Date of Creation
5-2024
Document Type
Departmental Honors Thesis
Department
English
First Advisor
Nadine Knight
Abstract
This thesis examines the traumatic experiences that consume characters’ lives and, in the absence of psychological healing efforts, manifest into violent actions in Toni Morrison’s three novels The Bluest Eye, Sula, and Beloved. I focus on the gendered experience of the female characters Pecola, Sula, Eva, and Sethe, except for the male character, Cholly in The Bluest Eye. Focusing on Morrison’s humanization of violent characters and her sharing of their full life stories, I establish the characters’ internal justifications for their violence to challenge the accepted depiction of all criminals as evil.

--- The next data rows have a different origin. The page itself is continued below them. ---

Section CrossIntersectingWeights.
Local Set Implicit Arguments.
Local Unset Strict Implicit.
Variables (R : realFieldType) (k : nat).
Implicit Types (F G P Q : {set {set 'I_k}}) (A B X : {set 'I_k}) (w : nat -> R).

Definition weight_on m w :=
  (forall i, (i <= m)%N -> 0 <= w i) /\ (forall i, (i < m)%N -> w i.+1 <= w i).

Definition fam_on m s F := forall A, A \in F -> (A \subset seg k m) && (#|A| <= s)%N.

Definition Kfam_on m a s t :=
  [set K : {set 'I_k} | [&& K \subset seg k m, #|K| <= s & t <= #|K :&: seg k a|]%N].

Definition Sfam_on m a s :=
  [set S : {set 'I_k} | [&& S \subset seg k m, #|S| <= s & seg k a \subset S]%N].

Definition bound_on m l l' t w1 w2 :=
  Num.max
    (\big[Num.max/0]_(t <= a < (minn l' m).+1)
        (wfam w1 (Kfam_on m a l t) + wfam w2 (Sfam_on m a l')))
    (\big[Num.max/0]_(t <= a < (minn l m).+1)
        (wfam w1 (Sfam_on m a l) + wfam w2 (Kfam_on m a l' t))).

Lemma bound_onC m l l' t w1 w2 : bound_on m l l' t w1 w2 = bound_on m l' l t w2 w1.
Proof.
rewrite /bound_on maxC; congr Num.max; apply: eq_bigr => a _; exact: addrC.
Qed.

Lemma card_seg m : (m <= k)%N -> #|seg k m| = m.
Proof.
move=> le_mk; have -> : seg k m = [set widen_ord le_mk i | i : 'I_m].
  apply/setP => i; rewrite inE; apply/idP/imsetP => [lt_im|[j _ ->]].
    by exists (Ordinal lt_im) => //; apply: val_inj.
  by rewrite /= ltn_ord.
by rewrite card_imset ?card_ord // => i j /(congr1 val) /= /val_inj.
Qed.

Lemma card_le_seg m A : (m <= k)%N -> A \subset seg k m -> (#|A| <= m)%N.
Proof. by move=> le_mk sAm; rewrite -(card_seg le_mk) subset_leq_card. Qed.

Lemma wfam_le_subset w F G : {subset F <= G} -> (forall A, A \in G -> 0 <= w #|A|) ->
  wfam w F <= wfam w G.
Proof. by move=> sFG w_ge0; apply: ler_sum_cond => // A AF; split; [apply: sFG|]. Qed.

Lemma wfam_setU w F G : [disjoint F & G] -> wfam w (F :|: G) = wfam w F + wfam w G.
Proof.
move=> dFG; rewrite /wfam (big_setID F) setUK setDUl setDv set0U.
by rewrite (setDidPl _) // disjoint_sym.
Qed.
(* Let $d\ge 2$, let $B$ be a ball of radius $r\in(0,\pi/2)$ in $\mathbb{S}^d$, and let $S_{\mathrm{reg}}$ be a regular simplex circumscribed about $B$. (i) For every $d\ge3$, if $r$ is sufficiently close to $\pi/2$, then there is a spherical simplex $S$ containing $B$ with $\mathrm{vol}_1(\mathrm{skel}_1(S))<\mathrm{vol}_1(\mathrm{skel}_1(S_{\mathrm{reg}}))$. (ii) For every $r\in(0,\pi/2)$, if $d$ is sufficiently large, then there is a spherical simplex $S$ containing $B$ with $\mathrm{vol}_1(\mathrm{skel}_1(S))<\mathrm{vol}_1(\mathrm{skel}_1(S_{\mathrm{reg}}))$.
   Context: A spherical simplex is the spherical convex hull of $d+1$ points in an open hemisphere of $\mathbb{S}^d$ not on a common great subsphere; it is regular if all its edges have equal length, and circumscribed about $B$ if it contains $B$ and all its facets touch $B$. $\mathrm{vol}_1(\mathrm{skel}_1(S))$ is the total edge length of $S$ (sum of the spherical lengths of its edges). *)

(* R : realType, points of S^d are unit row vectors in R^(d+1). *)
From HB Require Import structures.
From mathcomp Require Import all_boot all_order all_algebra.
From mathcomp Require Import all_classical all_reals all_analysis.
Set Implicit Arguments. Unset Strict Implicit. Unset Printing Implicit Defensive.
Import Order.TTheory GRing.Theory Num.Theory.
Local Open Scope ring_scope.
Local Open Scope classical_set_scope.

Section SphDefs.
Variable R : realType.

Definition dotp (n : nat) (u v : 'rV[R]_n) : R := \sum_(i < n) u 0 i * v 0 i.

Definition on_sphere (n : nat) (u : 'rV[R]_n) : Prop := dotp u u = 1.

Definition sdist (n : nat) (u v : 'rV[R]_n) : R := acos (dotp u v).

Definition sball (n : nat) (c : 'rV[R]_n) (r : R) : set 'rV[R]_n :=
  [set x | on_sphere x /\ sdist c x <= r].

Definition shull_sub (n m : nat) (v : 'I_m -> 'rV[R]_n) (P : 'I_m -> bool)
  : set 'rV[R]_n :=
  [set x | on_sphere x /\ exists lam : 'I_m -> R,
      (forall i, 0 <= lam i) /\ (forall i, ~~ P i -> lam i = 0) /\
      x = \sum_(i < m) lam i *: v i].

Definition shull (n m : nat) (v : 'I_m -> 'rV[R]_n) : set 'rV[R]_n :=
  shull_sub v (fun _ => true).

Definition sfacet (n m : nat) (v : 'I_m -> 'rV[R]_n) (j : 'I_m) : set 'rV[R]_n :=
  shull_sub v (fun i => i != j).

Definition in_open_hemisphere (n m : nat) (v : 'I_m -> 'rV[R]_n) : Prop :=
  exists h : 'rV[R]_n, on_sphere h /\ forall i, 0 < dotp h (v i).

Definition on_common_great_subsphere (n m : nat) (v : 'I_m -> 'rV[R]_n) : Prop :=
  exists a : 'rV[R]_n, a != 0 /\ forall i, dotp a (v i) = 0.

Definition spherical_simplex (d : nat) (v : 'I_d.+1 -> 'rV[R]_d.+1) : Prop :=
  (forall i, on_sphere (v i)) /\ in_open_hemisphere v /\
  ~ on_common_great_subsphere v.

Definition skel1_length (d : nat) (v : 'I_d.+1 -> 'rV[R]_d.+1) : R :=
  \sum_(i < d.+1) \sum_(j < d.+1 | (i < j)%N) sdist (v i) (v j).

Definition regular_simplex (d : nat) (v : 'I_d.+1 -> 'rV[R]_d.+1) : Prop :=
  spherical_simplex v /\
  exists l : R, forall i j, i != j -> sdist (v i) (v j) = l.

Definition circumscribed (d : nat) (v : 'I_d.+1 -> 'rV[R]_d.+1)
  (B : set 'rV[R]_d.+1) : Prop :=
  B `<=` shull v /\ forall j, exists x, sfacet v j x /\ B x.

End SphDefs.

From HB Require Import structures.
From mathcomp Require Import all_boot all_order all_algebra.
From mathcomp Require Import all_classical all_reals all_analysis.
From mathcomp Require Import ring lra.
Set Implicit Arguments. Unset Strict Implicit. Unset Printing Implicit Defensive.
Import Order.TTheory GRing.Theory Num.Theory.
Import numFieldNormedType.Exports.
Local Open Scope ring_scope.
Local Open Scope classical_set_scope.
(* Let $q\geq 1$, and assume that the following convergence-of-means condition holds: with $$\mu_N=\frac1N\sum_{i=1}^N\lambda_i,\qquad \nu_N=\frac{\sum_{i=1}^N\lambda_i^2}{\sum_{i=1}^N\lambda_i},$$ there exist constants $\mu\in(0,\infty)$, $\nu\in(1,\infty)$ and $\alpha_1>0$ such that $|\mu_N-\mu|=O(N^{-\alpha_1})$ and $|\nu_N-\nu|=O(N^{-\alpha_1})$. Then $$\limsup_{N\to\infty}\sum_{n=0}^{\infty} n^q g^{(N)}_n<\infty \quad\text{if and only if}\quad \limsup_{N\to\infty}\frac1N\sum_{i=1}^N\lambda_i^{q+1}<\infty.$$
   Context: For each $N$, $\{\lambda_i\}_{i=1}^N$ is a sequence of positive reals (the capacities of the nodes $1,\dots,N$ of a random graph on $N$ nodes). Define the probability mass function $$g^{(N)}_n=\frac{1}{N\mu_N}\sum_{i=1}^N e^{-\lambda_i}\frac{\lambda_i^{n+1}}{n!},\qquad n\geq 0,$$ where $\mu_N=\frac1N\sum_{i=1}^N\lambda_i$. *)

From HB Require Import structures.
From mathcomp Require Import all_boot all_order all_algebra.
From mathcomp Require Import all_classical all_reals all_analysis.
Set Implicit Arguments. Unset Strict Implicit. Unset Printing Implicit Defensive.
Import Order.TTheory GRing.Theory Num.Theory.
Local Open Scope ring_scope.

(* Capacities: lam N i is lambda_{i+1} for the graph on N nodes, i : 'I_N
   (so nodes 1..N correspond to indices 0..N-1). *)

Section Defs.
Variable R : realType.

Definition muN (lam : nat -> nat -> R) (N : nat) : R :=
  (\sum_(i < N) lam N i) / N%:R.

Definition nuN (lam : nat -> nat -> R) (N : nat) : R :=
  (\sum_(i < N) lam N i ^+ 2) / (\sum_(i < N) lam N i).

Definition gN (lam : nat -> nat -> R) (N n : nat) : R :=
  (N%:R * muN lam N)^-1 *
  \sum_(i < N) (expR (- lam N i) * lam N i ^+ n.+1 / (n`!)%:R).

(* sum_{n>=0} n^q g^(N)_n, as an extended real (terms are nonnegative) *)
Definition moment_g (lam : nat -> nat -> R) (q : R) (N : nat) : \bar R :=
  (\sum_(0 <= n <oo) ((n%:R `^ q) * gN lam N n)%:E)%E.

Definition moment_lam (lam : nat -> nat -> R) (q : R) (N : nat) : R :=
  (\sum_(i < N) (lam N i `^ (q + 1))) / N%:R.

Definition bigO_rate (x : nat -> R) (l a : R) : Prop :=
  exists C : R, exists N0 : nat, forall N : nat, (N0 <= N)%N ->
    `|x N - l| <= C * (N%:R `^ (- a)).

End Defs.

From HB Require Import structures.
From mathcomp Require Import all_boot all_order all_algebra.
From mathcomp Require Import all_classical all_reals all_analysis.
From mathcomp Require Import ring lra.
Import Order.TTheory GRing.Theory Num.Theory numFieldNormedType.Exports.
Local Open Scope classical_set_scope.
Local Open Scope ring_scope.

(* Let X_l be a Poisson variable of mean l.  The contribution of node i to
   g^(N)_n is l P(X_l = n) with l = lambda_i, so the q-th moment of g^(N) is
   (N mu_N)^-1 sum_i l_i E[X_(l_i)^q].  Averaging the tangent line
   n^q >= l^q + q l^(q-1) (n - l) of the convex map n |-> n^q gives
   l E[X_l^q] >= l^(q+1); the bound n^q <= (q (l+1))^q e^(n/(l+1)) together with
   E[c^X_l] = e^(l (c-1)) gives l E[X_l^q] <= K_q (l^(q+1) + l).  Hence the
   moment of g^(N) lies between m_N / mu_N and K_q (m_N / mu_N + 1), where
   m_N = N^-1 sum_i lambda_i^(q+1), and since mu_N -> mu > 0 both sequences are
   eventually bounded together. *)

Section poisson_moment.
Context {R : realType}.
Implicit Types (q l x : R) (n : nat).

Lemma eseries_exp_coeff x :
  (\sum_(0 <= n <oo) (exp_coeff x n)%:E = (expR x)%:E)%E.
Proof.
rewrite /expR -EFin_lim; last exact: is_cvg_series_exp_coeff.
by apply: congr_lim; apply/funext => n /=; rewrite /series /= sumEFin.
Qed.

Definition poisson_term l n : R := expR (- l) * l ^+ n.+1 / n`!%:R.

Definition poisson_moment q l : \bar R :=
  (\sum_(0 <= n <oo) (n%:R `^ q * poisson_term l n)%:E)%E.

Lemma poisson_termE l n : poisson_term l n = expR (- l) * l * exp_coeff l n.
Proof. by rewrite /poisson_term /exp_coeff /= exprS !mulrA. Qed.

Lemma poisson_term_ge0 l n : 0 <= l -> 0 <= poisson_term l n.
Proof.
by move=> l0; rewrite poisson_termE mulr_ge0 ?exp_coeff_ge0 // mulr_ge0 ?expR_ge0.
Qed.

Lemma poisson_term_shift l n :
  n.+1%:R * poisson_term l n.+1 = l * poisson_term l n.
Proof.
rewrite /poisson_term factS natrM exprS invfM.
by field; rewrite addrC natr1 !pnatr_eq0 -lt0n fact_gt0.
Qed.

Lemma eseries_poisson_term_exprn l (c : R) : 0 <= l -> 0 <= c ->
  (\sum_(0 <= n <oo) (poisson_term l n * c ^+ n)%:E =
    (l * expR (l * (c - 1)))%:E)%E.
Proof.
move=> l0 c0.
have termE n : poisson_term l n * c ^+ n = expR (- l) * l * exp_coeff (l * c) n.
  by rewrite poisson_termE /exp_coeff /= exprMn; ring.
under eq_eseriesr do rewrite termE EFinM.
rewrite nneseriesZl => [|n _]; last by rewrite lee_fin exp_coeff_ge0 ?mulr_ge0.
rewrite eseries_exp_coeff -EFinM mulrBr mulr1 addrC expRD; congr EFin; ring.
Qed.

Lemma eseries_poisson_term l : 0 <= l ->
  (\sum_(0 <= n <oo) (poisson_term l n)%:E = l%:E)%E.
Proof.
move=> l0; have := @eseries_poisson_term_exprn l 1 l0 ler01.
by rewrite subrr mulr0 expR0 mulr1; under eq_eseriesr do rewrite expr1n mulr1.
Qed.

Lemma eseries_natr_poisson_term l : 0 <= l ->
  (\sum_(0 <= n <oo) (n%:R * poisson_term l n)%:E = (l ^+ 2)%:E)%E.
Proof.
move=> l0; have ge0 n : (0 <= (n%:R * poisson_term l n)%:E)%E.
  by rewrite lee_fin mulr_ge0 ?poisson_term_ge0.
rewrite nneseries_recl // mul0r add0e -nneseries_addn //.
under eq_eseriesr do rewrite addn1 poisson_term_shift EFinM.
rewrite nneseriesZl; last by move=> n _; rewrite lee_fin poisson_term_ge0.
by rewrite eseries_poisson_term // -EFinM.
Qed.

Lemma powR_tangent_le q l x : 1 <= q -> 0 <= l -> 0 <= x ->
  q * l `^ (q - 1) * x <= x `^ q + (q - 1) * l `^ q.
Proof.
move=> q1 l0 x0; have [->|qn1] := eqVneq q 1.
  by rewrite subrr powRr0 powRr1 // mul0r addr0 !mul1r.
have q1' : 1 < q by rewrite lt_neqAle eq_sym qn1.
have q0 : 0 < q by lra.
(* Young's inequality with the conjugate exponents q and q / (q - 1). *)
pose p := q / (q - 1).
have p0 : 0 < p by rewrite divr_gt0 ?subr_gt0.
have pV : p^-1 = (q - 1) / q by rewrite invf_div.
have qp : q^-1 + p^-1 = 1 by rewrite pV; field; rewrite gt_eqF.
have := conjugate_powR x0 (powR_ge0 l (q - 1)) q0 p0 qp.
rewrite -powRrM mulrCA divff ?mulr1 ?subr_eq0 // => young.
rewrite -mulrA (mulrC (l `^ _)) -ler_pdivlMl //.
suff <- : x `^ q / q + l `^ q / p = q^-1 * (x `^ q + (q - 1) * l `^ q) by [].
by rewrite pV; field; rewrite gt_eqF.
Qed.

Lemma poisson_moment_ge q l : 1 <= q -> 0 < l ->
  ((l `^ (q + 1))%:E <= poisson_moment q l)%E.
Proof.
move=> q1 l0; have l0' := ltW l0.
have powRDl (r s : R) : l `^ (r + s) = l `^ r * l `^ s.
  by rewrite powRD // (gt_eqF l0) implybT.
have pt0 n : 0 <= poisson_term l n := poisson_term_ge0 l n l0'.
have qc0 : 0 <= q * l `^ (q - 1) by rewrite mulr_ge0 ?powR_ge0 //; lra.
have qm0 : 0 <= q - 1 by lra.
have tangent : ((q * l `^ (q - 1))%:E * (l ^+ 2)%:E <=
    poisson_moment q l + ((q - 1) * l `^ q)%:E * l%:E)%E.
  rewrite -(eseries_natr_poisson_term _ l0') -(eseries_poisson_term _ l0').
  rewrite -nneseriesZl; last by move=> n _; rewrite lee_fin mulr_ge0.
  rewrite -nneseriesZl; last by move=> n _; rewrite lee_fin.
  rewrite -nneseriesD => [|n _ _|n _ _]; rewrite ?lee_fin.
  - apply: lee_nneseries => [n _ _|n _].
      rewrite -EFinM lee_fin.
      exact: mulr_ge0 qc0 (mulr_ge0 (ler0n _ _) (pt0 n)).
    rewrite -!EFinM -EFinD lee_fin mulrA -mulrDl ler_wpM2r //.
    by apply: powR_tangent_le; rewrite ?ler0n.
  - exact: mulr_ge0 (powR_ge0 _ _) (pt0 n).
  - exact: mulr_ge0 (mulr_ge0 qm0 (powR_ge0 _ _)) (pt0 n).
have lq1 : l `^ (q + 1) = l `^ q * l by rewrite powRDl powRr1.
have lq1' : l `^ (q + 1) = l `^ (q - 1) * l ^+ 2.
  by rewrite -powR_mulrn // -powRDl; congr (_ `^ _); lra.
rewrite -!EFinM -mulrA -lq1' -mulrA -lq1 in tangent.
rewrite -(leeD2rE (x := ((q - 1) * l `^ (q + 1))%:E)) // -EFinD.
apply: le_trans tangent.
by rewrite lee_fin; lra.
Qed.

Lemma powR_le_expR x q : 0 <= x -> 0 <= q -> x `^ q <= expR (q * x).
Proof.
move=> x0 q0; rewrite mulrC expRM ge0_ler_powR ?nnegrE ?expR_ge0 //.
by apply: le_trans (expR_ge1Dx x); rewrite lerDr.
Qed.
(* Let $J\ge5$ be an integer and let $n$ be an integer with $n\not\equiv0\pmod{2^{J-1}}$. Then $n=a+b$ for some integers $a,b$ with $a\equiv2^i\pmod{2^{i+2}}$ and $b\equiv2^j\pmod{2^{j+2}}$ for some integers $0\le i,j\le J-3$. *)

From Stdlib Require Import ZArith.
Open Scope Z_scope.

(** Write [n = 2^v (2m+1)]; the hypothesis forces [v <= J - 2].  If [v >= 1]
    then [n = 2^(v-1) (4m+1) + 2^(v-1)], both summands of class [v - 1].  If
    [v = 0] then [n] is odd and one of [n - 2], [n - 4] is [1 mod 4]; the other
    summand [2 = 2^1] or [4 = 2^2] has class at most [2 <= J - 3]. *)

From Stdlib Require Import ZArith Lia.
Open Scope Z_scope.

Definition pow2_class (i a : Z) : Prop := exists k, a = 2 ^ i * (4 * k + 1).

Lemma pow2_class_mod (i a : Z) :
  0 <= i -> pow2_class i a -> a mod 2 ^ (i + 2) = 2 ^ i mod 2 ^ (i + 2).
Proof.
  intros Hi [k ->].
  rewrite Z.pow_add_r by lia.
  replace (2 ^ i * (4 * k + 1)) with (2 ^ i + k * (2 ^ i * 2 ^ 2)) by ring.
  apply Z.mod_add.
  pose proof (Z.pow_pos_nonneg 2 i). simpl. lia.
Qed.

Lemma pow2_mul_odd_decomp (t n : Z) :
  0 <= t -> ~ (2 ^ (t + 1) | n) ->
  exists v m, 0 <= v <= t /\ n = 2 ^ v * (2 * m + 1).
Proof.
  intros Ht; revert n; pattern t; apply natlike_ind; [| | exact Ht]; clear t Ht.
  - intros n Hn. exists 0, (n / 2).
    pose proof (Z.div_mod n 2 ltac:(lia)).
    pose proof (Z.mod_pos_bound n 2 ltac:(lia)).
    assert (n mod 2 <> 0) by (rewrite Z.mod_divide by lia; exact Hn).
    rewrite Z.pow_0_r. lia.
  - intros t Ht IH n Hn.
    destruct (Z.even n) eqn:En.
    + apply Z.even_spec in En as [n' ->].
      assert (Hn' : ~ (2 ^ (t + 1) | n')).
      { intros D. apply Hn.
        replace (Z.succ t + 1) with (1 + (t + 1)) by lia.
        rewrite Z.pow_add_r, Z.pow_1_r by lia.
        now apply Z.mul_divide_mono_l. }
      destruct (IH n' Hn') as [v [m [Hv ->]]].
      exists (v + 1), m. split; [lia |].
      rewrite Z.pow_add_r by lia. ring.
    + assert (On : Z.odd n = true) by now rewrite <- Z.negb_even, En.
      apply Z.odd_spec in On as [m ->].
      exists 0, m. rewrite Z.pow_0_r. split; [lia | ring].
Qed.

Lemma pow2_class_sum_even (v m : Z) :
  1 <= v ->
  exists a b, 2 ^ v * (2 * m + 1) = a + b /\
    pow2_class (v - 1) a /\ pow2_class (v - 1) b.
Proof.
  intros Hv. exists (2 ^ (v - 1) * (4 * m + 1)), (2 ^ (v - 1)).
  split; [| split; [exists m | exists 0]; ring].
  replace v with ((v - 1) + 1) at 1 by lia.
  rewrite Z.pow_add_r by lia. ring.
Qed.

Lemma pow2_class_sum_odd (m : Z) :
  exists a b j, 2 * m + 1 = a + b /\ 1 <= j <= 2 /\
    pow2_class 0 a /\ pow2_class j b.
Proof.
  destruct (Z.even m) eqn:Em.
  - apply Z.even_spec in Em as [k ->].
    exists (4 * (k - 1) + 1), 4, 2.
    split; [lia | split; [lia | split; [exists (k - 1) | exists 0]]]; ring.
  - assert (Om : Z.odd m = true) by now rewrite <- Z.negb_even, Em.
    apply Z.odd_spec in Om as [k ->].
    exists (4 * k + 1), 2, 1.
    split; [lia | split; [lia | split; [exists k | exists 0]]]; ring.
Qed.

Theorem lemma1 (J n : Z) (hJ : 5 <= J)
  (hn : n mod (2 ^ (J - 1)) <> 0) :
  exists a b i j : Z,
    n = a + b /\
    0 <= i <= J - 3 /\ 0 <= j <= J - 3 /\
    a mod (2 ^ (i + 2)) = 2 ^ i mod (2 ^ (i + 2)) /\
    b mod (2 ^ (j + 2)) = 2 ^ j mod (2 ^ (j + 2)).
Proof.
  assert (Hndiv : ~ (2 ^ (J - 2 + 1) | n)).
  { replace (J - 2 + 1) with (J - 1) by lia.
    rewrite <- Z.mod_divide; [exact hn |].
    pose proof (Z.pow_pos_nonneg 2 (J - 1)). lia. }
  destruct (pow2_mul_odd_decomp (J - 2) n ltac:(lia) Hndiv) as [v [m [Hv ->]]].
  destruct (Z.eq_dec v 0) as [-> | Hv0].
  - destruct (pow2_class_sum_odd m) as [a [b [j [Hab [Hj [Ha Hb]]]]]].
    exists a, b, 0, j. rewrite Z.pow_0_r, Z.mul_1_l.
    repeat split; try lia; apply pow2_class_mod; auto; lia.
  - destruct (pow2_class_sum_even v m ltac:(lia)) as [a [b [Hab [Ha Hb]]]].
    exists a, b, (v - 1), (v - 1).
    repeat split; try lia; apply pow2_class_mod; auto; lia.
Qed.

The three chapters follow the manifestation of trauma into violence and then end with an examination of the consequences of violence for the character who commits the act and their community. Throughout the thesis, I struggle with the question: “How do we react to traumatized victims who traumatize other innocent people?” While I have concluded that there is no appropriate answer to this question, it remains throughout my three chapters as a reminder of the need to work against the institutions that perpetuate intergenerational trauma against people of color. In demonstrating how structures of violence influence characters to act with violence, I argue the necessity to teach and read these texts in American schools. The act of teaching and reading the silenced history of people of color throughout the United States serves as an effort towards communal healing needed by the characters who commit violence throughout the three texts.
Recommended Citation
Buhse, Catherine, "“Beating Back the Past”: The Psychological Justifications of Violence in Toni Morrison’s Fiction" (2024). English Honors Theses. 15.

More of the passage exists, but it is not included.